SA breeder's new cultivar sparks fresh love for passion fruit
Farmer's Weekly|January 28, 2022
Mpumalanga-based granadilla breeder Darryn Stoltz has developed a delicious new passion fruit cultivar that offers several advantages over previous varieties. One of these is longer shelf life, enabling the export of better-quality fruit. He spoke to Lindi Botha.
Lindi Botha

There can be few fruit cultivars whose origins are as unusual as that of the new passion fruit variety, Silesia.When drought struck North West in the mid-2010s, game breeder Darryn Stoltz, who farmed in the province, began to look for a nutritious source of food for his herds. He was advised to plant passion fruit, as the sweet pulp was said to satisfy the animals.

Unhappy with the low yield and pulp content of the two commercially planted varieties, Ester and Edulis, Stoltz began breeding for a new, juicier variety of passion fruit, using his knowledge of crossbreeding. In 2017, after two years of trial and error, he ended up producing Silesia, a cultivar that was nearly double the size of the conventional passion fruit, sweeter and faster-growing.

While Stoltz was pleased with the result, his game were less than impressed, leaving him with a harvest and no takers. Rather than waste the produce, he set off for the market with the fruit in an effort to interest buyers. He was in luck: a buyer from Switzerland immediately showed interest, and Stoltz realised the potential of the cultivar.

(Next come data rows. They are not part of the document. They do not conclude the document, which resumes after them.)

(* Consider the fifth-order WENO reconstruction of the numerical flux $\hat f_{i\pm\frac12}=\sum_{m=0}^{2}\omega_{m,i\pm\frac12}\hat f^m_{i\pm\frac12}$ on a uniform grid $x_i=x_0+i\Delta x$, for a smooth function $f$. Use the WENO-JS weights with $\epsilon=0$, $$\omega_{m}=\frac{\alpha_m}{\sum_{l=0}^2\alpha_l},\qquad \alpha_m=\frac{d_m}{(\beta^{DS}_{m})^2},\qquad (d_0,d_1,d_2)=\Bigl(\tfrac1{10},\tfrac6{10},\tfrac3{10}\Bigr),$$ where $\beta^{DS}_{m,i\pm\frac12}=\beta_{m,i\pm\frac12}(\delta_{m,i}+C)$. Assume that the Jiang–Shu smoothness indicators satisfy $\beta_{m,i\pm\frac12}=D(1+O(\Delta x^2))$ with $D$ a nonzero constant independent of $m$, that the multipliers satisfy $\delta_{1,i}=\Phi(\bar x_i)$, $\delta_{0,i}=\Phi(\bar x_i)+O(\Delta x)$, $\delta_{2,i}=\Phi(\bar x_i)+O(\Delta x)$ for some function $\Phi$ of the stencil $\bar x_i=(x_{i-k},\dots,x_{i+k})$, and that $C$ is chosen so that $P(\bar x_i):=\Phi(\bar x_i)+C>\kappa>0$ for a fixed $\kappa$ (with $P=O(1)$). Then $$\omega^{DS}_{m,i\pm\frac12}=d_m+O(\Delta x),\qquad m=0,1,2.$$
   Context: Fifth-order WENO: on the stencil $\{x_{i-2},\dots,x_{i+2}\}$, with $f_j=f(u(x_j))$, the candidate fluxes are $\hat f^0_{i+\frac12}=\frac{2f_{i-2}-7f_{i-1}+11f_i}{6}$, $\hat f^1_{i+\frac12}=\frac{-f_{i-1}+5f_i+2f_{i+1}}{6}$, $\hat f^2_{i+\frac12}=\frac{2f_i+5f_{i+1}-f_{i+2}}{6}$ (the $i-\frac12$ versions by shifting all indices by $-1$). The Jiang–Shu smoothness indicators for $\hat f_{i+\frac12}$ are $\beta_0=\frac{13}{12}(f_{i-2}-2f_{i-1}+f_i)^2+\frac14(f_{i-2}-4f_{i-1}+3f_i)^2$, $\beta_1=\frac{13}{12}(f_{i-1}-2f_i+f_{i+1})^2+\frac14(-f_{i-1}+f_{i+1})^2$, $\beta_2=\frac{13}{12}(f_i-2f_{i+1}+f_{i+2})^2+\frac14(3f_i-4f_{i+1}+f_{i+2})^2$; those for $\hat f_{i-\frac12}$ by index shift $-1$. The same multiplier $\delta_{m,i}$ (depending only on the global stencil position $i$) is used for both $\beta_{m,i+\frac12}$ and $\beta_{m,i-\frac12}$; in the paper the $\delta_{m,i}$ are outputs of a convolutional neural network with differentiable activations and receptive field of size $2k+1$, with $\delta_{0,i+1}=\delta_{1,i}=\delta_{2,i-1}$. *)

From mathcomp Require Import all_boot all_order all_algebra.
Set Implicit Arguments. Unset Strict Implicit. Unset Printing Implicit Defensive.
Import Order.TTheory GRing.Theory Num.Theory.
Local Open Scope ring_scope.

Section WENO.
Variable R : realFieldType.

(* Uniform big-O as Delta x -> 0+:  e(h,i) = O(h^p) uniformly in the grid index i. *)
Definition bigO_unif (e : R -> int -> R) (p : nat) : Prop :=
  exists K h0 : R, 0 < h0 /\
    forall h, 0 < h -> h < h0 -> forall i : int, `|e h i| <= K * h ^+ p.

Definition fgrid (f : R -> R) (x0 dx : R) (j : int) : R := f (x0 + j%:~R * dx).

(* Jiang--Shu smoothness indicators beta_{m, i+1/2} on stencil x_{i-2..i+2};
   those for i-1/2 are obtained as betaJS fv (i - 1) m. *)
Definition betaJS (fv : int -> R) (i : int) (m : 'I_3) : R :=
  match val m with
  | 0%N => 13%:R / 12%:R * (fv (i - 2) - 2%:R * fv (i - 1) + fv i) ^+ 2
           + 1 / 4%:R * (fv (i - 2) - 4%:R * fv (i - 1) + 3%:R * fv i) ^+ 2
  | 1%N => 13%:R / 12%:R * (fv (i - 1) - 2%:R * fv i + fv (i + 1)) ^+ 2
           + 1 / 4%:R * (- fv (i - 1) + fv (i + 1)) ^+ 2
  | _ => 13%:R / 12%:R * (fv i - 2%:R * fv (i + 1) + fv (i + 2)) ^+ 2
           + 1 / 4%:R * (3%:R * fv i - 4%:R * fv (i + 1) + fv (i + 2)) ^+ 2
  end.

Definition dlin (m : 'I_3) : R :=
  match val m with
  | 0%N => 1 / 10%:R
  | 1%N => 6%:R / 10%:R
  | _ => 3%:R / 10%:R
  end.

Definition alphaJS (b : 'I_3 -> R) (m : 'I_3) : R := dlin m / b m ^+ 2.
Definition omegaJS (b : 'I_3 -> R) (m : 'I_3) : R :=
  alphaJS b m / \sum_(l < 3) alphaJS b l.

Definition stencil (k : nat) (x0 dx : R) (i : int) : 'rV[R]_(k.*2.+1) :=
  \row_(j < k.*2.+1) (x0 + (i + (j : nat)%:Z - k%:Z)%:~R * dx).

(* deep-smoothness weights at x_{i+1/2} and x_{i-1/2}, with
   beta^DS_{m,i+-1/2} = beta_{m,i+-1/2} * (delta_{m,i} + C);
   delta : dx -> m -> i -> R *)
Definition omegaDS_plus (f : R -> R) (x0 : R) (delta : R -> 'I_3 -> int -> R)
    (C dx : R) (i : int) (m : 'I_3) : R :=
  omegaJS (fun l => betaJS (fgrid f x0 dx) i l * (delta dx l i + C)) m.

Definition omegaDS_minus (f : R -> R) (x0 : R) (delta : R -> 'I_3 -> int -> R)
    (C dx : R) (i : int) (m : 'I_3) : R :=
  omegaJS (fun l => betaJS (fgrid f x0 dx) (i - 1) l * (delta dx l i + C)) m.

End WENO.

(* With epsilon = 0 the WENO-JS weights d_m b_m^-2 / sum_l d_l b_l^-2 are invariant
   under a common rescaling of the indicators b_m.  Writing
   beta^DS_m = (D P) (1 + e_m) (1 + (delta_m - Phi) / P), with e_m = O(dx^2) and, since
   P > kappa, (delta_m - Phi) / P = O(dx), the factor D P cancels and the weights become
   d_m v_m / sum_l d_l v_l with v_l = 1 + O(dx).  As the d_l are nonnegative with sum 1,
   such normalized weights are d_m + O(dx), uniformly in the grid index. *)

From mathcomp Require Import all_boot all_order all_algebra.
From mathcomp Require Import ring lra.
Set Implicit Arguments. Unset Strict Implicit. Unset Printing Implicit Defensive.
Import Order.TTheory GRing.Theory Num.Theory.
Local Open Scope ring_scope.

Section BigOUnif.
Variable R : realFieldType.
Implicit Types (e : R -> int -> R) (p q : nat).

Lemma bigO_unif_eq0 e p : (forall h i, 0 < h -> e h i = 0) -> bigO_unif e p.
Proof.
move=> e0; exists 0, 1; split=> // h h_gt0 _ i.
by rewrite e0 // normr0 mul0r.
Qed.

Lemma bigO_unif_le (c : R) e1 e2 p : 0 <= c ->
  (forall h i, 0 < h -> `|e2 h i| <= c * `|e1 h i|) ->
  bigO_unif e1 p -> bigO_unif e2 p.
Proof.
move=> c_ge0 le21 [K [h0 [h0_gt0 bd1]]]; exists (c * K), h0; split=> // h h_gt0 hh0 i.
by rewrite -mulrA; apply: le_trans (le21 _ _ h_gt0) _; rewrite ler_wpM2l ?bd1.
Qed.

Lemma bigO_unif_comp_index e p (g : int -> int) :
  bigO_unif e p -> bigO_unif (fun h i => e h (g i)) p.
Proof.
by move=> [K [h0 [h0_gt0 bd]]]; exists K, h0; split=> // h h_gt0 hh0 i; apply: bd.
Qed.

Lemma bigO_unif_weaken e p q : (p <= q)%N -> bigO_unif e q -> bigO_unif e p.
Proof.
move=> le_pq [K [h0 [h0_gt0 bd]]]; exists `|K|, (Order.min h0 1).
split=> [|h h_gt0]; first by rewrite lt_min h0_gt0 ltr01.
rewrite lt_min => /andP[hh0 h_lt1] i; apply: le_trans (bd h h_gt0 hh0 i) _.
apply: le_trans (ler_wpM2r _ (ler_norm K)) _; first by rewrite exprn_ge0 ?ltW.
by rewrite ler_wpM2l ?normr_ge0 // ler_wiXn2l ?ltW.
Qed.

Lemma bigO_unif_add e1 e2 p :
  bigO_unif e1 p -> bigO_unif e2 p -> bigO_unif (fun h i => e1 h i + e2 h i) p.
Proof.
move=> [K1 [a1 [a1_gt0 bd1]]] [K2 [a2 [a2_gt0 bd2]]].
exists (K1 + K2), (Order.min a1 a2); split=> [|h h_gt0]; first by rewrite lt_min a1_gt0.
rewrite lt_min => /andP[ha1 ha2] i; rewrite mulrDl.
by apply: le_trans (ler_normD _ _) _; rewrite lerD ?bd1 ?bd2.
Qed.

Lemma bigO_unif_mul e1 e2 p q :
  bigO_unif e1 p -> bigO_unif e2 q -> bigO_unif (fun h i => e1 h i * e2 h i) (p + q).
Proof.
move=> [K1 [a1 [a1_gt0 bd1]]] [K2 [a2 [a2_gt0 bd2]]].
exists (K1 * K2), (Order.min a1 a2); split=> [|h h_gt0]; first by rewrite lt_min a1_gt0.
rewrite lt_min => /andP[ha1 ha2] i; rewrite normrM exprD mulrACA.
by rewrite ler_pM ?normr_ge0 ?bd1 ?bd2.
Qed.

Lemma bigO_unif_divr e (P : R -> int -> R) (kappa : R) p : 0 < kappa ->
  (forall h i, 0 < h -> kappa < P h i) ->
  bigO_unif e p -> bigO_unif (fun h i => e h i / P h i) p.
Proof.
move=> kappa_gt0 P_gt; apply: (bigO_unif_le (c := kappa^-1)) => [|h i h_gt0].
  by rewrite invr_ge0 ltW.
have P_gt0 : 0 < P h i by apply: lt_trans (P_gt h i h_gt0).
rewrite normrM normfV (gtr0_norm P_gt0) mulrC ler_wpM2r ?normr_ge0 //.
by rewrite lef_pV2 ?posrE // ltW ?P_gt.
Qed.

Lemma bigO_unif_sum (I : Type) (s : seq I) (e : I -> R -> int -> R) p :
  (forall l, bigO_unif (e l) p) ->
  bigO_unif (fun h i => \sum_(l <- s) `|e l h i|) p.
Proof.
move=> e_small; elim: s => [|a s IHs].
  by apply: bigO_unif_eq0 => h i _; rewrite big_nil.
have e_abs : bigO_unif (fun h i => `|e a h i|) p.
  by apply: (bigO_unif_le (c := 1)) (e_small a) => // h i _; rewrite mul1r normr_id.
apply: (bigO_unif_le (c := 1)) (bigO_unif_add e_abs IHs) => // h i _.
by rewrite big_cons mul1r.
Qed.

End BigOUnif.

Section WENOWeights.
Variable R : realFieldType.

Lemma forall_ord3 (P : 'I_3 -> Prop) : P 0 -> P 1 -> P 2%:R -> forall l, P l.
Proof.
move=> P0 P1 P2 [[|[|[|n]]] l_lt] //.
- by have -> : Ordinal l_lt = 0 by apply: val_inj.
- by have -> : Ordinal l_lt = 1 by apply: val_inj.
- by have -> : Ordinal l_lt = 2%:R by apply: val_inj.
Qed.

Lemma dlin_ge0 m : 0 <= dlin R m.
Proof. by move: m; apply: forall_ord3; rewrite /dlin /=; lra. Qed.

Lemma sum_dlin : \sum_(l < 3) dlin R l = 1.
Proof. by rewrite !big_ord_recr big_ord0 /= /dlin /=; lra. Qed.

Lemma eq_omegaJS (b1 b2 : 'I_3 -> R) m : b1 =1 b2 -> omegaJS b1 m = omegaJS b2 m.
Proof.
move=> eq_b; rewrite /omegaJS /alphaJS; congr (_ / _); last apply: eq_bigr => l _.
all: by rewrite eq_b.
Qed.

Lemma omegaJS_scale (s : R) (b : 'I_3 -> R) m :
  s != 0 -> omegaJS (fun l => s * b l) m = omegaJS b m.
Proof.
move=> s_neq0; rewrite /omegaJS /alphaJS.
have alphaM l : dlin R l / (s * b l) ^+ 2 = (s ^+ 2)^-1 * (dlin R l / b l ^+ 2).
  by rewrite exprMn invfM; ring.
rewrite alphaM (eq_bigr _ (fun l _ => alphaM l)) -mulr_sumr.
by rewrite -mulf_div divff ?mul1r // invr_eq0 expf_neq0.
Qed.

Lemma invsqr_near1 (x t : R) :
  t <= 1 / 20%:R -> `|x - 1| <= t -> `|(x ^+ 2)^-1 - 1| <= 6%:R * t.
Proof.
move=> t_small; rewrite ler_norml => /andP[x_lb x_ub].
have sqr_lb : 1 / 2%:R <= x ^+ 2 by nra.
have sqr_near : `|1 - x ^+ 2| <= 3%:R * t by rewrite ler_norml; apply/andP; split; nra.
have sqr_gt0 : 0 < x ^+ 2 by lra.
have -> : (x ^+ 2)^-1 - 1 = (1 - x ^+ 2) / x ^+ 2 by field; rewrite -sqrf_eq0 gt_eqF.
have t_ge0 : 0 <= t by lra.
rewrite normrM normfV (gtr0_norm sqr_gt0) ler_pdivrMr //; nra.
Qed.

Lemma normalized_weight_near (T : finType) (d v : T -> R) (r : R) m :
  (forall l, 0 <= d l) -> \sum_l d l = 1 -> r <= 1 / 2%:R ->
  (forall l, `|v l - 1| <= r) ->
  `|d m * v m / \sum_l d l * v l - d m| <= 4%:R * r.
Proof.
move=> d_ge0 d_sum r_small v_near; set S := \sum_l d l * v l.
have S_near : `|S - 1| <= r.
  have -> : S - 1 = \sum_l d l * (v l - 1).
    by rewrite -{1}d_sum -sumrB; apply: eq_bigr => l _; rewrite mulrBr mulr1.
  apply: le_trans (ler_norm_sum _ _ _) _.
  rewrite [X in _ <= X](_ : r = \sum_l d l * r); last by rewrite -mulr_suml d_sum mul1r.
  apply: ler_sum => l _.
  by rewrite normrM ger0_norm // ler_wpM2l.
have dm_le1 : d m <= 1 by rewrite -d_sum (bigD1 m) //= lerDl sumr_ge0.
have /andP[vm_lb vm_ub] : - r <= v m - 1 <= r by rewrite -ler_norml.
move: S_near; rewrite ler_norml => /andP[S_lb S_ub].
have S_gt0 : 0 < S by lra.
have -> : d m * v m / S - d m = d m * (v m - S) / S by field; rewrite gt_eqF.
rewrite normrM normfV (gtr0_norm S_gt0) ler_pdivrMr // normrM (ger0_norm (d_ge0 m)).
have : `|v m - S| <= 2%:R * r by rewrite ler_norml; apply/andP; split; lra.
have := d_ge0 m; have := normr_ge0 (v m - S); nra.
Qed.

Lemma omegaJS_near_dlin (u : 'I_3 -> R) (t : R) m :
  t <= 1 / 20%:R -> (forall l, `|u l - 1| <= t) ->
  `|omegaJS u m - dlin R m| <= 24%:R * t.
Proof.
move=> t_small u_near; have -> : 24%:R * t = 4%:R * (6%:R * t) by ring.
(* [omegaJS u m] unfolds to the normalized weight with [v l = (u l ^+ 2)^-1]. *)
apply: (normalized_weight_near (v := fun l => (u l ^+ 2)^-1)) => //.
- exact: dlin_ge0.
- exact: sum_dlin.
- lra.
- by move=> l; apply: invsqr_near1.
Qed.

Lemma omegaJS_dlin_bigO (u : R -> int -> 'I_3 -> R) m :
  (forall l, bigO_unif (fun h i => u h i l - 1) 1) ->
  bigO_unif (fun h i => omegaJS (u h i) m - dlin R m) 1.
Proof.
move=> u_near; have [K [h0 [h0_gt0 bdK]]] := bigO_unif_sum (index_enum 'I_3) u_near.
exists (24%:R * K), (Order.min h0 (1 / (20%:R * (`|K| + 1)))).
have K1_gt0 : 0 < `|K| + 1 by rewrite ltr_wpDl.
split=> [|h h_gt0]; first by rewrite lt_min h0_gt0 divr_gt0 ?mulr_gt0.
rewrite lt_min ltr_pdivlMr ?mulr_gt0 // => /andP[hh0 h_small] i.
have bd := bdK h h_gt0 hh0 i; rewrite expr1 in bd *.
rewrite -mulrA; apply: omegaJS_near_dlin => [|l].
  by have := ler_norm K; nra.
apply: le_trans bd; apply: le_trans (ler_norm _).
by rewrite (bigD1 l) //= lerDl sumr_ge0.
Qed.

Lemma omegaJS_perturb_bigO (b : R -> int -> 'I_3 -> R) (s : R -> int -> R)
    (e : 'I_3 -> R -> int -> R) m :
  (forall h i, 0 < h -> s h i != 0) ->
  (forall h i l, 0 < h -> b h i l = s h i * (1 + e l h i)) ->
  (forall l, bigO_unif (e l) 1) ->
  bigO_unif (fun h i => omegaJS (b h i) m - dlin R m) 1.
Proof.
move=> s_neq0 b_def e_small.
have near : bigO_unif (fun h i => omegaJS (fun l => 1 + e l h i) m - dlin R m) 1.
  apply: omegaJS_dlin_bigO => l; apply: (bigO_unif_le (c := 1)) (e_small l) => // h i _.
  by rewrite addrAC subrr add0r mul1r.
apply: (bigO_unif_le (c := 1)) near => // h i h_gt0.
by rewrite mul1r (eq_omegaJS _ (b_def h i ^~ h_gt0)) omegaJS_scale ?s_neq0.
Qed.

End WENOWeights.

Theorem mainTheorem2 (R : realFieldType) (f : R -> R) (x0 : R) (k : nat)
  (delta : R -> 'I_3 -> int -> R) (Phi : 'rV[R]_(k.*2.+1) -> R) (C kappa : R)
  (D : R -> int -> R)
  (* beta_{m,i+-1/2} = D (1 + O(dx^2)), D nonzero and common to m = 0,1,2 *)
  (hD : forall (dx : R) (i : int), 0 < dx -> D dx i != 0)
  (hbeta : forall m : 'I_3, exists e : R -> int -> R, bigO_unif e 2 /\
      forall (dx : R) (i : int), 0 < dx -> betaJS (fgrid f x0 dx) i m = D dx i * (1 + e dx i))
  (* delta_{1,i} = Phi(xbar_i), delta_{0,i}, delta_{2,i} = Phi(xbar_i) + O(dx) *)
  (hdelta1 : forall (dx : R) (i : int), 0 < dx -> delta dx 1 i = Phi (stencil k x0 dx i))
  (hdelta0 : bigO_unif (fun dx i => delta dx 0 i - Phi (stencil k x0 dx i)) 1)
  (hdelta2 : bigO_unif (fun dx i => delta dx 2%:R i - Phi (stencil k x0 dx i)) 1)
  (* P = Phi + C > kappa > 0 and P = O(1) *)
  (hkappa : 0 < kappa)
  (hP : forall (dx : R) (i : int), 0 < dx -> kappa < Phi (stencil k x0 dx i) + C)
  (hPbd : bigO_unif (fun dx i => Phi (stencil k x0 dx i) + C) 0) :
  forall m : 'I_3,
    bigO_unif (fun dx i => omegaDS_plus f x0 delta C dx i m - dlin R m) 1 /\
    bigO_unif (fun dx i => omegaDS_minus f x0 delta C dx i m - dlin R m) 1.
Proof.
(* Only the lower bound P > kappa matters. *)
pose P dx i := Phi (stencil k x0 dx i) + C.
pose rel l dx i := (delta dx l i - Phi (stencil k x0 dx i)) / P dx i.
have P_gt0 dx i : 0 < dx -> 0 < P dx i.
  by move=> dx_gt0; apply: lt_trans hkappa (hP dx i dx_gt0).
have [e /all_and2[e_small beta_def]] := fin_all_exists hbeta.
have rel_small l : bigO_unif (rel l) 1.
  have delta_near : bigO_unif (fun dx i => delta dx l i - Phi (stencil k x0 dx i)) 1.
    move: l; apply: forall_ord3 => //.
    by apply: bigO_unif_eq0 => dx i dx_gt0; rewrite hdelta1 ?subrr.
  exact: bigO_unif_divr hkappa hP delta_near.
(* [g] is the index of the indicators: [i] for x_{i+1/2}, [i - 1] for x_{i-1/2}. *)
have DS_small (g : int -> int) m : bigO_unif (fun dx i =>
    omegaJS (fun l => betaJS (fgrid f x0 dx) (g i) l * (delta dx l i + C)) m - dlin R m) 1.
  apply: (omegaJS_perturb_bigO (s := fun dx i => D dx (g i) * P dx i)
    (e := fun l dx i => e l dx (g i) + rel l dx i + e l dx (g i) * rel l dx i)).
  - by move=> dx i dx_gt0; rewrite mulf_neq0 ?hD ?gt_eqF ?P_gt0.
  - move=> dx i l dx_gt0; rewrite beta_def // /rel /P.
    by field; rewrite gt_eqF ?P_gt0.
  - move=> l; have e_small' := bigO_unif_comp_index g (e_small l).
    apply: bigO_unif_add; first exact: bigO_unif_add (bigO_unif_weaken _ e_small') _.
    exact: bigO_unif_weaken _ (bigO_unif_mul e_small' (rel_small l)).
by move=> m; split; [exact: (DS_small id) | exact: (DS_small (fun i => i - 1))].
Qed.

He initiated a rapid expansion project, which began with registering plant breeder’s rights on the new cultivar and purchasing land near White River in Mpumalanga on which to produce the cultivar commercially. He later bought land in Limpopo as well.

Stoltz also entered into partnership with Charles Rossouw, owner of Roslé Boerdery near Groblersdal in Mpumalanga, to form Roslesia, and production was ramped up. Today, the business produces more passion fruit than that grown by the rest of South Africa’s farmers combined. Eight varieties are bred under the Silesia name, ranging in size, colour and application, from fresh produce to fruit for juicing and pulping.

Roslesia began exporting fruit in 2018, and Asia, Europe and the Middle East have become established markets for the cultivar.

PAINSTAKING BREEDING

Stoltz recalls the long and arduous journey that is well known by breeders everywhere.

“The plant material needs to be crossbred, grown out, tested and then multiplied to ensure you get the same results over and over from a plant. It has now been six years and I’m still making tweaks here and there, but overall I’m very satisfied with what we have.”

Stoltz specifically looked at traits that increased fruit size, flavour and resistance to pests. Breeding for disease-resistance was also a key consideration, as most of the commercially planted varieties are highly prone to disease.

He and his team managed to achieve a 60:40 ratio of pulp to peel (a ratio reversed in other cultivars), as well as a considerably sweeter fruit.

“We get a Brix value ranging between 16 and 22, which is substantially more than the Brix of the Ester and Edulis cultivars.

“[Conventional] varieties don’t provide a good eating experience. They’re sour, and the amount of pulp is minimal. I was shocked at the high prices and quality of passion fruit in supermarkets in Europe, so I knew that having a superior product would mean fitting into a market where there was already demand at high prices,” he says.